What matters is that the data is stored by - and accessible to - a company which submits to the US laws.

[retcon]

Equally it's a sorry indictment of our economic times that the meaning of unlawful has been hammered into a understanding that non prohibition is permission. This aggressive and putative new use is refuted by every founding principle of the common law in Anglo Saxon countries and most of the western world. See the argument of letter vs. spirit for a effect.

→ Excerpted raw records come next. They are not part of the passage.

Lemma inv_cube_le (x : R) : 1 <= x -> (x ^+ 3)^-1 <= 4 / (x + 2).
Proof.
move=> x_ge1; rewrite -[leRHS]invf_div lef_pV2 ?posrE ?divr_gt0 ?exprn_gt0 //; try lra.
rewrite ler_pdivrMr; last lra.
rewrite !exprS expr0 mulr1; nra.
Qed.

End RealBounds.

Lemma card_set_count n (P : 'I_n.+1 -> bool) :
  #|[set x | P x]| = count (fun i => P (inord i)) (iota 0 n.+1).
Proof.
rewrite -val_enum_ord count_map cardsE cardE /enum_mem size_filter.
rewrite (@eq_filter _ _ predT) // filter_predT.
by apply: eq_count => x /=; rewrite inord_val.
Qed.

Lemma is_walkE n m (f : {ffun 'I_n.+1 -> 'I_m}) :
  [forall x : 'I_n.+1, (x < n)%N ==>
     ((nat_of_ord (f (inord x.+1)) == (nat_of_ord (f x)).+1) ||
      (nat_of_ord (f x) == (nat_of_ord (f (inord x.+1))).+1))] = is_walk f.
Proof.
apply/forallP/allP => [Hf i|Hf x].
  rewrite mem_iota add0n => /andP[_ lt_in].
  by have := Hf (inord i); rewrite inordK ?lt_in //; lia.
apply/implyP => lt_xn.
by have := Hf x; rewrite mem_iota add0n lt_xn => /(_ isT); rewrite /adjb /wval inord_val.
Qed.

Section Paths.
Variables (R : realType) (a : R) (N : nat).
Local Notation h := (h0 a N).

Lemma S_contactsE (eta : Defs.path a N) c :
  (eta \in S a N) && (H eta == c) = walk_from_to h h c eta.
Proof.
have e0 : (inord 0 : 'I_N.+1) = ord0 by apply/val_inj; rewrite /= inordK.
have eN : (inord N : 'I_N.+1) = ord_max by apply/val_inj; rewrite /= inordK.
by rewrite inE /walk_from_to /H /ht card_set_count is_walkE /wval e0 eN -!andbA.
Qed.

Lemma card_S_contacts c :
  (\sum_(eta : Defs.path a N) ((eta \in S a N) && (H eta == c) : nat))%N = nwalks h N h c.
Proof.
rewrite -(@nbox_walksE (h + N).+1) //.
by apply: eq_bigr => eta _; rewrite S_contactsE.
Qed.

Lemma H_lt (eta : Defs.path a N) : (H eta < N.+2)%N.
Proof. by rewrite ltnS; apply: leq_trans (max_card _) _; rewrite card_ord. Qed.

Lemma weight_contacts (lam : R) (P : pred nat) :
  \sum_(eta in S a N | P (H eta)) lam ^+ H eta =
  \sum_(c < N.+2 | P c) lam ^+ c * (nwalks h N h c)%:R.
Proof.
under [RHS]eq_bigr do rewrite -card_S_contacts natr_sum mulr_sumr.
rewrite exchange_big [LHS]big_mkcond /=; apply: eq_bigr => eta _.
have [PH|nPH] := boolP (P (H eta)); last first.
  rewrite andbF big1 // => c Pc.
  by rewrite (_ : H eta == c = false) ?andbF ?mulr0 //; apply: contraNF nPH => /eqP->.
rewrite andbT (bigD1 (Ordinal (H_lt eta))) //= eqxx andbT big1 => [|c /andP[_ ne]].
  by case: (_ \in _); rewrite ?mulr1 ?mulr0 addr0.
rewrite (_ : H eta == c = false) ?andbF ?mulr0 //; apply: contraNF ne => /eqP e.
by apply/eqP/val_inj; rewrite /= e.
Qed.

Lemma weight_Scheck (lam : R) : \sum_(eta in Scheck a N) lam ^+ H eta =
  \sum_(c < N.+2 | (0 < c)%N) lam ^+ c * (nwalks h N h c)%:R.
Proof.
rewrite -weight_contacts; apply: eq_bigl => eta; rewrite !inE; congr (_ && _).
rewrite /H card_gt0; apply/existsP/set0Pn => -[x x0]; exists x; by rewrite inE in x0 *.
Qed.
Lemma sumdist_quarter_lt_origin z : 0 < eps -> 2 * eps < delta ->
  sumdist eps delta z (uv (delta / 4) 0) < sumdist eps delta z (vzero R).
Proof.
move=> e0 ed; rewrite -uv00 !sumdist_uaxis sub0r sqrrN add0r.
have -> : (delta / 4 - delta / 2) ^+ 2 = delta ^+ 2 / 16 by field.
have -> : (delta / 2) ^+ 2 = delta ^+ 2 / 4 by field.
rewrite !ger0_norm; try lra.
have -> : delta / 4 + delta = 5 * delta / 4 by field.
exact: sqrt_quarter_gap.
Qed.

Lemma geomedian_neq0 z m : 0 < eps -> 2 * eps < delta ->
  (forall x, sumdist eps delta z m <= sumdist eps delta z x) -> m != vzero R.
Proof.
move=> e0 ed m_min; apply/eqP => m0; have := m_min (uv (delta / 4) 0).
by rewrite m0 leNgt sumdist_quarter_lt_origin.
Qed.

Lemma sqr_noise_sub_le a b : (noise a - noise b) ^+ 2 <= 4 * eps ^+ 2.
Proof. by case: a b => -[]; rewrite ?noiseT ?noiseF; nra. Qed.

Lemma krum_score_g0_lt_g2 z : 0 < eps -> 2 * eps < delta ->
  krum_score eps delta z g0 < krum_score eps delta z g2.
Proof.
move=> e0 ed.
have score_g0 : krum_score eps delta z g0 <= vnorm2 (vsub (g z g0) (g z g1)).
  by rewrite /krum_score lift_g0_ord0 ge_min lexx.
rewrite /krum_score lift_g2_ord0 lift_g2_ord_max.
apply: le_lt_trans score_g0 _.
rewrite lt_min grad_g0 grad_g1 grad_g2 !vsub_uv !vnorm2_uv subrr expr0n add0r.
rewrite sub0r !sqrrN !sqr_noise.
have := sqr_noise_sub_le z.1 z.2.
have -> : (- delta - delta / 2) ^+ 2 = 9 / 4 * delta ^+ 2 by field.
by move=> h; apply/andP; split; nra.
Qed.
End Example.

Theorem mainTheorem13 (R : rcfType) (eps delta : R) :
  0 < eps -> 2 * eps < delta ->
  let g := grad eps delta in
  let Emu := Evec (muavg eps delta) in
  [/\ Emu = vscale (1 / 3) (vadd (Evec (g^~ g0))
                              (vadd (Evec (g^~ g1)) (Evec (g^~ g2)))),
      Emu = vzero R,
      (forall i : 'I_3,
         Ex (fun z => vnorm2 (vsub (g z i) (Evec (g^~ i)))) <= eps ^+ 2)
    & (forall i : 'I_3, vnorm (vsub (Evec (g^~ i)) Emu) <= delta)] /\
  [/\ Ex (fun z => vnorm2 (vsub (cwmed eps delta z) Emu))
        > delta ^+ 2 / 8 + eps ^+ 2 / 2,
      (forall gm : outcome -> vec R,
         (forall z x, sumdist eps delta z (gm z) <= sumdist eps delta z x) ->
         Ex (fun z => vnorm2 (vsub (gm z) Emu)) > delta ^+ 2 / 8 + eps ^+ 2 / 2)
    & (forall (z : outcome) (i : 'I_3),
         (forall k : 'I_3, krum_score eps delta z i <= krum_score eps delta z k) ->
         vnorm2 (vsub (g z i) Emu) = eps ^+ 2 + delta ^+ 2 / 4)].
Proof.
move=> e0 ed g Emu; have Emu0 : Emu = vzero R := Evec_muavg_eq0 eps delta.
split; first split.
- exact: Evec_muavg.
- exact: Emu0.
- exact: Ex_grad_dev_le.
- by move=> i; rewrite Emu0 vsubx0 vnorm_Evec_grad_le //; lra.
rewrite Emu0; split.
- rewrite Ex_expand !vsubx0 (cwmed_diag eps delta (z := (true, true))) //.
  rewrite (cwmed_diag eps delta (z := (false, false))) // !cwmed_mixed //.
  rewrite !vnorm2_grad_g0 vnorm2_uv.
  have : 0 < (delta - 2 * eps) ^+ 2 by rewrite exprn_gt0 // subr_gt0.
  nra.
- move=> gm gm_min; rewrite Ex_expand !vsubx0.
  rewrite (geomedian_diag _ (gm_min (true, true))) //.
  rewrite (geomedian_diag _ (gm_min (false, false))) //.
  have := vnorm2_gt0 (geomedian_neq0 e0 ed (gm_min (true, false))).
  have := vnorm2_gt0 (geomedian_neq0 e0 ed (gm_min (false, true))).
  rewrite !vnorm2_grad_g0; lra.
- move=> z i i_min; rewrite vsubx0 addrC.
  case: (ord3P i) i_min => -> i_min; rewrite ?vnorm2_grad_g0 ?vnorm2_grad_g1 //.
  by have := lt_le_trans (krum_score_g0_lt_g2 z e0 ed) (i_min g0); rewrite ltxx.
Qed.
Theorem mainTheorem8 (d : nat) (A : list vec) (f : vec -> R) (g : vec -> vec) (mu : R)
  (hA : A <> nil) (hAd : forall a, In a A -> inRd d a)
  (U : vec -> Prop) (hUo : open_Rd d U) (hUc : convex_set U)
  (hDU : forall x, in_conv A x -> U x)
  (hconv : convex_on U f) (hdiff : has_gradient_on d U f g)
  (hmu : 0 <= mu)
  (hsc : forall x y, in_conv A x -> in_conv A y ->
           f y - f x - dot d (g x) (vsub y x) >= mu / 2 * (norm d (vsub y x)) ^ 2) :
  forall W, is_inf (PWidth_set d A) W ->
  forall y, muA_set d A f g y -> mu * W ^ 2 <= y.
Proof.
  intros W [HWle HWge] y [x [xs [s [v [Hx [Hxs [Hneg [[_ Hs] [[[S [HS [_ Hv]]] _] ->]]]]]]]]].
  destruct (PWidth_witness d A (g x) x xs s v S Hx Hxs HS Hs Hv Hneg) as [t [Ht Hbound]].
  assert (Hsxs : dot d (g x) s <= dot d (g x) xs) by (apply (in_conv_dot_ge d A); auto).
  assert (Hxv : dot d (g x) x <= dot d (g x) v)
    by (apply (Sx_dot_le d (fun b => In b A) x S); auto).
  unfold vsub in Hneg. rewrite dot_subr in Hneg.
  assert (Hgam : gammaA d (g x) x xs s v =
                   dot d (vopp (g x)) (vsub xs x) / (dot d (g x) v - dot d (g x) s))
    by (unfold gammaA; f_equal; unfold vopp, vsub; rewrite dot_oppl, dot_subr; ring).
  rewrite Hgam.
  apply mu_width_sq_le with (t := t) (ne := norm d (vsub xs x)); auto.
  - apply HWge. intros; apply (PWidth_set_nonneg d A); auto.
  - unfold vopp, vsub. rewrite dot_oppl, dot_subr. lra.
  - lra.
Qed.
(* Let $\Gamma$ be a finite subset of ${\sf Frm}$ and $A\in{\sf Frm}$. Then the following are equivalent: (i) $\vdash_{\sf WF_{N_2}}\bigwedge\Gamma\rightarrow A$; (ii) $\Gamma\Rightarrow A$ is derivable in ${\sf GWF_{N_2}}$; (iii) $\Gamma\Rightarrow A$ is derivable in ${\sf GWF^s_{N_2}}$.
   Context: Language: countably many atoms $p,q,\dots$, the constant $\bot$, and binary connectives $\wedge,\vee,\rightarrow$ ($\rightarrow$ is strict implication). ${\sf Frm}$ is the set of formulas built from atoms and $\bot$ with $\wedge,\vee,\rightarrow$; $A,B,C,D$ range over ${\sf Frm}$. Let $\supset$ be a new binary symbol (material implication) and ${\sf Frm_1}={\sf Frm}\cup\{A\supset B : A,B\in{\sf Frm}\}$ (no nesting of $\supset$). ${\sf Frm_2}$ is the smallest set containing ${\sf Frm_1}$ and closed under $\wedge$ and $\vee$; $X,Y,Z$ range over ${\sf Frm_2}$. Multi-succedent sequents are $\Gamma\Rightarrow\Delta$ with $\Gamma,\Delta$ finite multisets of ${\sf Frm_2}$-formulas. The calculus ${\sf GWF_{N_2}}$ has initial sequents $(id)$ $p,\Gamma\Rightarrow\Delta,p$ ($p$ an atom) and $(L_\bot)$ $\bot,\Gamma\Rightarrow\Delta$, and rules (premises / conclusion): $(L_\wedge)$ $X,Y,\Gamma\Rightarrow\Delta$ / $X\wedge Y,\Gamma\Rightarrow\Delta$; $(R_\wedge)$ $\Gamma\Rightarrow\Delta,X$ and $\Gamma\Rightarrow\Delta,Y$ / $\Gamma\Rightarrow\Delta,X\wedge Y$; $(L_\vee)$ $X,\Gamma\Rightarrow\Delta$ and $Y,\Gamma\Rightarrow\Delta$ / $X\vee Y,\Gamma\Rightarrow\Delta$; $(R_\vee)$ $\Gamma\Rightarrow\Delta,X,Y$ / $\Gamma\Rightarrow\Delta,X\vee Y$; $(L_\supset)$ $\Gamma\Rightarrow\Delta,A$ and $B,\Gamma\Rightarrow\Delta$ / $A\supset B,\Gamma\Rightarrow\Delta$; $(R_\supset)$ $A,\Gamma\Rightarrow\Delta,B$ / $\Gamma\Rightarrow\Delta,A\supset B$; $(LR_\rightarrow)$ $C\supset D,A\Rightarrow B$ / $\Gamma,C\rightarrow D\Rightarrow\Delta,A\rightarrow B$; $(R_\rightarrow)$ $A\Rightarrow B$ / $\Gamma\Rightarrow\Delta,A\rightarrow B$. The single-succedent calculus ${\sf GWF^s_{N_2}}$ (sequents $\Gamma\Rightarrow Z$, $Z\in{\sf Frm_2}$) has initial sequents $(id^s)$ $p,\Gamma\Rightarrow p$ and $(L^s_\bot)$ $\bot,\Gamma\Rightarrow Z$, and rules: $(L^s_\wedge)$ $X,Y,\Gamma\Rightarrow Z$ / $X\wedge Y,\Gamma\Rightarrow Z$; $(R^s_\wedge)$ $\Gamma\Rightarrow X$ and $\Gamma\Rightarrow Y$ / $\Gamma\Rightarrow X\wedge Y$; $(L^s_\vee)$ $X,\Gamma\Rightarrow Z$ and $Y,\Gamma\Rightarrow Z$ / $X\vee Y,\Gamma\Rightarrow Z$; $(R^s_{\vee_l})$ $\Gamma\Rightarrow X$ / $\Gamma\Rightarrow X\vee Y$; $(R^s_{\vee_r})$ $\Gamma\Rightarrow Y$ / $\Gamma\Rightarrow X\vee Y$; $(L^s_\supset)$ $A\supset B,\Gamma\Rightarrow A$ and $B,\Gamma\Rightarrow Z$ / $A\supset B,\Gamma\Rightarrow Z$; $(R^s_\supset)$ $A,\Gamma\Rightarrow B$ / $\Gamma\Rightarrow A\supset B$; $(LR^s_\rightarrow)$ $C\supset D,A\Rightarrow B$ / $\Gamma,C\rightarrow D\Rightarrow A\rightarrow B$; $(R^s_\rightarrow)$ $A\Rightarrow B$ / $\Gamma\Rightarrow A\rightarrow B$. In all rules $A,B,C,D\in{\sf Frm}$, $X,Y,Z\in{\sf Frm_2}$, $\Gamma,\Delta$ arbitrary finite multisets of ${\sf Frm_2}$-formulas. The Hilbert system ${\sf WF_{N_2}}$ over ${\sf Frm}$ has axiom schemes $A\rightarrow(A\vee B)$; $B\rightarrow(A\vee B)$; $(A\wedge B)\rightarrow A$; $(A\wedge B)\rightarrow B$; $A\wedge(B\vee C)\rightarrow(A\wedge B)\vee(A\wedge C)$; $A\rightarrow A$; $\bot\rightarrow A$; and rules (from theorems to a theorem): from $A$ and $A\rightarrow B$ infer $B$; from $A$ infer $B\rightarrow A$; from $A\rightarrow B$ and $B\rightarrow C$ infer $A\rightarrow C$; from $A\rightarrow B$ and $A\rightarrow C$ infer $A\rightarrow(B\wedge C)$; from $A\rightarrow C$ and $B\rightarrow C$ infer $(A\vee B)\rightarrow C$; from $A$ and $B$ infer $A\wedge B$; (${\sf N_2}$) from $C\rightarrow A\vee D$ and $C\wedge B\rightarrow D$ infer $(A\rightarrow B)\rightarrow(C\rightarrow D)$. $\vdash_{\sf WF_{N_2}}A$ means $A$ is a theorem of this system. $\bigwedge\Gamma$ is the conjunction of the members of $\Gamma$ (the empty conjunction read as $\top:=\bot\rightarrow\bot$). *)

From Stdlib Require Import List Permutation.
Import ListNotations.
Lemma euler_relation_partial m q : U q ->
  sum2 (fun a => yc a q * pders (Y a :: Y m :: l) F q) = (n - 1) * pders (Y m :: l) F q.
Proof.
  intros Hq.
  pose proof (partial_ext_on U _ _ (Y m) q HU Heuler Hq) as D.
  unfold sum2, yc in *.
  rewrite partial_plus, !partial_mult, partial_scal, !partial_pders in D
    by auto with diff_along.
  rewrite (pders_swap U F HU HF l (Y i1) (Y m) q Hq), (pders_swap U F HU HF l (Y i2) (Y m) q Hq).
  destruct m; rewrite partial_coord_same, partial_coord_other in D by discriminate; lra.
Qed.
End EulerRelation.

Definition homogeneous_y (M : R * R -> Prop) (n : nat) (F : pt -> R) : Prop :=
  forall x y t, M x -> y <> (0, 0) -> 0 < t ->
    F (x, (t * fst y, t * snd y)) = t ^ n * F (x, y).

Definition ix_other (a : ix) : ix := match a with i1 => i2 | i2 => i1 end.

Lemma sum2_other g a : sum2 g = g a + g (ix_other a).
Proof. destruct a; unfold sum2; simpl; ring. Qed.

Lemma nonzero_component (y : R * R) : y <> (0, 0) -> exists a, c2 y a <> 0.
Proof.
  destruct y as [y1 y2]. intros Hy.
  destruct (Req_dec y1 0) as [->|H1]; [|now exists i1].
  destruct (Req_dec y2 0) as [->|H2]; [congruence|now exists i2].
Qed.

Lemma locally_same_sign (c : R) : c <> 0 -> locally c (fun s => 0 < c / s).
Proof.
  intros Hc. assert (He : 0 < Rabs c) by now apply Rabs_pos_lt.
  exists (mkposreal _ He). intros s Hs. change (Rabs (s - c) < Rabs c) in Hs.
  destruct (Rlt_or_le 0 c) as [Hp|Hn].
  - rewrite (Rabs_pos_eq c) in Hs by lra. apply Rabs_def2 in Hs as [Hs1 Hs2].
    apply Rdiv_lt_0_compat; lra.
  - rewrite (Rabs_left1 c) in Hs by lra. apply Rabs_def2 in Hs as [Hs1 Hs2].
    replace (c / s) with ((- c) / (- s)) by (field; lra). apply Rdiv_lt_0_compat; lra.
Qed.

Lemma u2_rescale y a s : c2 y a <> 0 -> s <> 0 ->
  let v := u2 y (ix_other a) (c2 y (ix_other a) * c2 y a / s) in
  u2 y a s = (s / c2 y a * fst v, s / c2 y a * snd v).
Proof. destruct a, y; simpl; intros; f_equal; field; auto. Qed.

Lemma c2_u2_other y a z : c2 (u2 y (ix_other a) z) a = c2 y a.
Proof. destruct a; reflexivity. Qed.

Lemma u2_c2 y i : u2 y i (c2 y i) = y.
Proof. destruct y, i; reflexivity. Qed.

(* Near [s = y_a], [F (x, y with y_a := s) = (s / y_a) ^ n * F (x, y with y_b := y_b y_a / s)],
   so Euler's relation follows from the one-variable chain rule. *)
Lemma euler_homogeneous M n F x y : homogeneous_y M n F -> M x -> y <> (0, 0) ->
  (forall i, diff_along (x, y) (Y i) F) ->
  sum2 (fun a => yc a (x, y) * pders [Y a] F (x, y)) = INR n * F (x, y).
Proof.
  intros Hhom Hx Hy HF.
  destruct (nonzero_component y Hy) as [a Ha].
  pose (G := fun z => F (x, u2 y (ix_other a) z)).
  assert (Hloc : locally (c2 y a) (fun s => F (x, u2 y a s)
                   = (s / c2 y a) ^ n * G (c2 y (ix_other a) * c2 y a / s))).
  { eapply filter_imp; [|apply (locally_same_sign _ Ha)]. intros s Hs.
    assert (s <> 0) by (intros ->; unfold Rdiv in Hs; rewrite Rinv_0, Rmult_0_r in Hs; lra).
    rewrite (u2_rescale y a s Ha) by assumption. apply Hhom; [exact Hx| |].
    - intro E. apply Ha. rewrite <- (c2_u2_other y a (c2 y (ix_other a) * c2 y a / s)), E.
      destruct a; reflexivity.
    - replace (s / c2 y a) with (/ (c2 y a / s)) by (field; split; assumption).
      apply Rinv_0_lt_compat, Hs. }
  assert (HG : ex_derive G (c2 y (ix_other a))) by exact (HF (ix_other a)).
  assert (Hd : is_derive (fun s => (s / c2 y a) ^ n * G (c2 y (ix_other a) * c2 y a / s)) (c2 y a)
                 (INR n / c2 y a * G (c2 y (ix_other a))
                  - c2 y (ix_other a) / c2 y a * Derive G (c2 y (ix_other a)))).
  { auto_derive; replace (c2 y (ix_other a) * c2 y a * / c2 y a) with (c2 y (ix_other a))
      by (field; exact Ha).
    - split; [exact HG|split; [exact Ha|trivial]].
    - rewrite Rinv_r, !pow1 by exact Ha. change (fun z => G z) with G. field. exact Ha. }
  assert (Ha' : pders [Y a] F (x, y) = INR n / c2 y a * F (x, y)
                 - c2 y (ix_other a) / c2 y a * pders [Y (ix_other a)] F (x, y)).
  { change (pders [Y a] F (x, y)) with (Derive (fun s => F (x, u2 y a s)) (c2 y a)).
    rewrite (Derive_ext_loc (fun s : R => F (x, u2 y a s)) _ _ Hloc).
    erewrite is_derive_unique by exact Hd.
    unfold G. rewrite u2_c2. reflexivity. }
  rewrite (sum2_other _ a), Ha'. unfold yc. simpl coord. field. exact Ha.
Qed.

Lemma euler_of_cond_H E q : cond_H E q ->
  sum2 (fun a => yc a q * pders [Y a] E q) = 2 * E q.
Proof. unfold cond_H. change (pders [Y ?a] E q) with (partial (Y a) E q). lra. Qed.

Lemma orthogonal_of_parallel_orthogonal A1 A2 y1 y2 w1 w2 :
  (A1, A2) <> (0, 0) -> A1 * y1 + A2 * y2 = 0 -> A2 * w1 = A1 * w2 ->
  y1 * w1 + y2 * w2 = 0.
Proof.
  intros HA Hy Hw.
  assert (E1 : A1 * (y1 * w1 + y2 * w2) = 0).
  { transitivity (w1 * (A1 * y1 + A2 * y2) + y2 * (A1 * w2 - A2 * w1)); [ring|].
    rewrite Hy, Hw. ring. }
  assert (E2 : A2 * (y1 * w1 + y2 * w2) = 0).
  { transitivity (w2 * (A1 * y1 + A2 * y2) + y1 * (A2 * w1 - A1 * w2)); [ring|].
    rewrite Hy, Hw. ring. }
  destruct (Req_dec A1 0) as [->|H1].
  - destruct (Req_dec A2 0) as [->|H2]; [congruence|].
    destruct (Rmult_integral _ _ E2); [contradiction|assumption].
  - destruct (Rmult_integral _ _ E1); [contradiction|assumption].
Qed.

Lemma gmet_pders E i j q : gmet E i j q = pders [Y i; Y j] E q.
Proof. reflexivity. Qed.

Section Landsberg.
Variables (lam1 lam2 : R * R -> R) (f E : pt -> R) (U : pt -> Prop).
Hypothesis HU : open U.
Hypothesis Hf : smooth_on U f.
Hypothesis HE : smooth_on U E.
Hypothesis HLs : forall q, U q -> cond_Ls lam1 lam2 f E q.

Definition lam_dE (J : list dir) (q : pt) : R :=
  sum2 (fun l => lamv lam1 lam2 l (fst q) * pders (J ++ [Y l]) E q).

Lemma diff_along_lam_dE J q m : U q -> diff_along q (Y m) (lam_dE J).
Proof. intros Hq. unfold lam_dE, sum2. auto with diff_along. Qed.

Lemma partial_lam_dE J m q : U q -> partial (Y m) (lam_dE J) q = lam_dE (Y m :: J) q.
Proof.
  intros Hq. unfold lam_dE, sum2.
  rewrite partial_plus, !partial_Y_scal_base by auto with diff_along. reflexivity.
Qed.

Lemma Gam1_eq l i q :
  Gam1 lam1 lam2 f l i q = - / 2 * (lamv lam1 lam2 l (fst q) * pders [Y i] f q).
Proof. unfold Gam1, fsp. rewrite partial_Y_scal_base. reflexivity. Qed.

Lemma Gam2_eq l i k q :
  Gam2 lam1 lam2 f l i k q = - / 2 * (lamv lam1 lam2 l (fst q) * pders [Y k; Y i] f q).
Proof.
  unfold Gam2.
  rewrite (partial_ext _ (fun q => - / 2 * (lamv lam1 lam2 l (fst q) * pders [Y i] f q)))
    by apply Gam1_eq.
  rewrite partial_scal, partial_Y_scal_base. reflexivity.
Qed.

Definition Ls_form (i j k : ix) (q : pt) : R :=
  pders [X i; Y j; Y k] E q
  + / 2 * (pders [Y i] f q * lam_dE [Y j; Y k] q + pders [Y k; Y i] f q * lam_dE [Y j] q
           + pders [Y j; Y i] f q * lam_dE [Y k] q).

Lemma Ls_form_eq0 i j k q : U q -> Ls_form i j k q = 0.
Proof.
  intros Hq. pose proof (HLs q Hq i j k) as L.
  unfold cond_Ls, sum2 in L. rewrite !Gam1_eq, !Gam2_eq in L.
  change (fun q => gmet E j k q) with (pders [Y j; Y k] E) in L.
  rewrite !gmet_pders, !partial_pders in L.
  unfold Ls_form, lam_dE, sum2. simpl app.
  destruct i, j, k; sort_pders U E q; sort_pders U f q; lra.
Qed.

Lemma Ls_form_partial i j k m q : U q ->
  pders [Y m; X i; Y j; Y k] E q
  + / 2 * (pders [Y m; Y i] f q * lam_dE [Y j; Y k] q + pders [Y i] f q * lam_dE [Y m; Y j; Y k] q
           + pders [Y m; Y k; Y i] f q * lam_dE [Y j] q + pders [Y k; Y i] f q * lam_dE [Y m; Y j] q
           + pders [Y m; Y j; Y i] f q * lam_dE [Y k] q + pders [Y j; Y i] f q * lam_dE [Y m; Y k] q)
  = 0.
Proof.
  intros Hq.
  pose proof (partial_ext_on U (Ls_form i j k) (fun _ => 0) (Y m) q HU
                (fun r Hr => Ls_form_eq0 i j k r Hr) Hq) as D.
  rewrite partial_const in D. rewrite <- D. unfold Ls_form.
  assert (Hl : forall J, diff_along q (Y m) (lam_dE J)) by (intro; apply diff_along_lam_dE, Hq).
  rewrite partial_plus, partial_scal, !partial_plus, !partial_mult, !partial_pders,
    !partial_lam_dE by auto with diff_along.
  ring.
Qed.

Ed. cleared up phrasing around new use, replaced meaning with use for .. meaning.

[brian_cloutier]

> This aggressive and putative new use is refuted by every founding principle of the common law in Anglo Saxon countries

Which founding principles, exactly? Your comment seems to imply you think we should live in a world where we are only allowed to pick our actions from an enumerated list of approved actions. That world is extremely contrary to the kind of world I would like to live in, but also seems to contradict most of what I know about the history of the western world. Is that really what you mean?

[pdpi]

> Is that really what you mean?

I'm fairly certain that's not what OP meant, no.

What OP is getting at is that the common law tradition isn't to explicitly spell out all the nuances of when that action is actually disallowed, but rather to set out the general principles, and let case law define the precise limits of that boundary. In contrast, the civil law tradition is very much based on statutory law explicitly setting the boundaries, and case law serving only to disambiguate.

The "aggressive and putative new use" they're referring to is basically taking common law's fuzzy boundaries and pushing a civil law interpretation on top where all the grey areas are assumed to be allowed.

[brian_cloutier]

That was a very clear explanation, thank you!

[Georgelemental]

> non prohibition is permission

That is exactly how things work. Unless the government goes through the effort of passing a law to prohibit something (and getting approval of the people's elected representatives, and the courts), then the thing is legal. How else do you propose things should work?

[cmroanirgo]

Those "pushing the boundaries" always end up using a similar logic. However, there's always going to be a large segment of society whose rules are based around non financially oriented methodologies, such as: "morals", or directly from spiritual texts which disallow certain practices, or historical "customs". Such things are not "illegal" per se, but it's largely held as being reprehensible by a large number of people nevertheless & causes a large amount of friction within society.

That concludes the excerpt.